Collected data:

== Segment start ==

Lemma circuit_cayley_shift n z w : z \in Y n ->
  phi w - phi z = phi (c n.+2) - phi (c n.+1) -> tdist A (c n.+1) w = (a, b).
Proof.
move=> zY dzw; have [_ d0Y _] := circuit_two_step n.
have d1z : tdist A (c n.+1) z = t by move: zY; rewrite inE => /andP [/eqP].
case: pnum_or_Gamma_sq => [/circuit_size_eq mq|Gamma1].
  have ab2 := circuit_ab_eq mq; rewrite ab2 in d0Y *.
  have valency_le2 : (valency A (2, q - 2) <= valency A t)%N by rewrite -ab2.
  apply: (cayley_short_circuit_shift cayley wdr q_gt3 valency_le2 (circuit_arc_type n)) dzw.
  1-3: exact: circuit_arc_type.
  - by rewrite -addn4 circuit_return_dist.
  - exact: (d0Y z zY).
  - exact: d1z.
apply: (circuit_Gamma_two_step Gamma1 (circuit_arc_type n.+1)).
by rewrite -(cayley_translate cayley (subr_parallelogram (esym dzw))).
Qed.

Lemma circuit_cayley_Y n :
  [set phi z - phi (c n.+1) | z in Y n] = [set phi z - phi (c n.+2) | z in Y n.+1].
Proof.
have [d13 _ _] := circuit_Pset_eq n; have [d24 Y1 _] := circuit_Pset_eq n.+1.
apply/eqP; rewrite eqEcard; apply/andP; split; last first.
  have phi_inj : injective phi by case: cayley => /bij_inj.
  have sub_inj v : injective (fun z => phi z - phi v) by move=> z1 z2 /addIr /phi_inj.
  by rewrite !card_imset // -(pnumE wdr _ _ d13) -(pnumE wdr _ _ d24).
apply/subsetP => _ /imsetP [z zY ->].
have [w dzw] := cayley_shift cayley z (phi (c n.+2) - phi (c n.+1)).
have dpar := subr_parallelogram (esym dzw).
apply/imsetP; exists w => //.
rewrite -Y1 inE (circuit_cayley_shift zY dzw) eq_tdist_sym -(cayley_translate cayley dpar).
by move: zY; rewrite inE => /andP [-> _]; rewrite eqxx.
Qed.

End CayleyCircuit.

End Circuit.

Lemma cvert_window (V : finType) (x0 : V) (xs : seq V) (i : int) : exists n : nat,
  [/\ cvert x0 xs (i - 2%:Z)%R = cvert x0 xs n, cvert x0 xs (i - 1)%R = cvert x0 xs n.+1,
      cvert x0 xs i = cvert x0 xs n.+2, cvert x0 xs (i + 1)%R = cvert x0 xs n.+3 &
      cvert x0 xs (i + 2%:Z)%R = cvert x0 xs n.+4].
Proof.
have [n cn] := cvert_offset x0 xs (i - 2%:Z)%R.
exists n; split; [rewrite -(cn 0) | rewrite -(cn 1) | rewrite -(cn 2) | rewrite -(cn 3) | rewrite -(cn 4)];
  by congr (cvert _ _ _); lia.
Qed.

Unset Implicit Arguments.

Theorem lemma2p7 (V : finType) (A : rel V) (q : nat) (x0 : V) (xs : seq V)
    (a b : nat) :
  weakly_distance_regular A ->
  (3 <= q)%N ->
  type_circuit A (q - 1) (x0 :: xs) ->
  (forall s : seq V, type_circuit A (q - 1) s -> (size (x0 :: xs) <= size s)%N) ->
  tdist A x0 (cvert x0 xs 2%:Z) = (a, b) ->
  (valency A (a, b) <= valency A (1, q - 1))%N ->
  ((0 < pnum A (1, q - 1) (1, q - 1) (2, q - 2))%N \/
     size (Gamma_sq A (1, q - 1)) = 1%N) ->
  (forall i : int,
     [/\ tdist A (cvert x0 xs (i - 1)%R) (cvert x0 xs (i + 1)%R) = (a, b),
         Pset A (a, b) (q - 1, 1) (cvert x0 xs (i - 2%:Z)%R) (cvert x0 xs (i - 1)%R)
           = Ycirc A q x0 xs i &
         Pset A (q - 1, 1) (a, b) (cvert x0 xs (i + 1)%R) (cvert x0 xs (i + 2%:Z)%R)
           = Ycirc A q x0 xs i ]) /\
  ((3 < q)%N ->
     forall (G : finZmodType) (S : {set G}) (phi : V -> G),
       cayley_iso A S phi ->
       forall i : int,
         [set (phi z - phi (cvert x0 xs (i - 1)%R))%R | z in Ycirc A q x0 xs i]
         = [set (phi z - phi (cvert x0 xs i))%R | z in Ycirc A q x0 xs (i + 1)%R]).
Proof.
move=> wdr q_ge3 circ minimal d02 valency_le pnum_or_Gamma_sq.
split=> [i|q_gt3 G S phi cayley i]; have [n [e0 e1 e2 e3 e4]] := cvert_window x0 xs i.
- by rewrite /Ycirc e0 e1 e3 e4; apply: circuit_Pset_eq.
- rewrite /Ycirc addrK -addrA e1 e2 e3 e4.
  exact: (circuit_cayley_Y wdr q_ge3 circ minimal d02 valency_le pnum_or_Gamma_sq q_gt3 cayley n).
Qed.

== Segment end ==

- Exercise directions -
Note each line of the entries that has "injective" in it, and copy those lines.

- Response box -
  have phi_inj : injective phi by case: cayley => /bij_inj.
  have sub_inj v : injective (fun z => phi z - phi v) by move=> z1 z2 /addIr /phi_inj.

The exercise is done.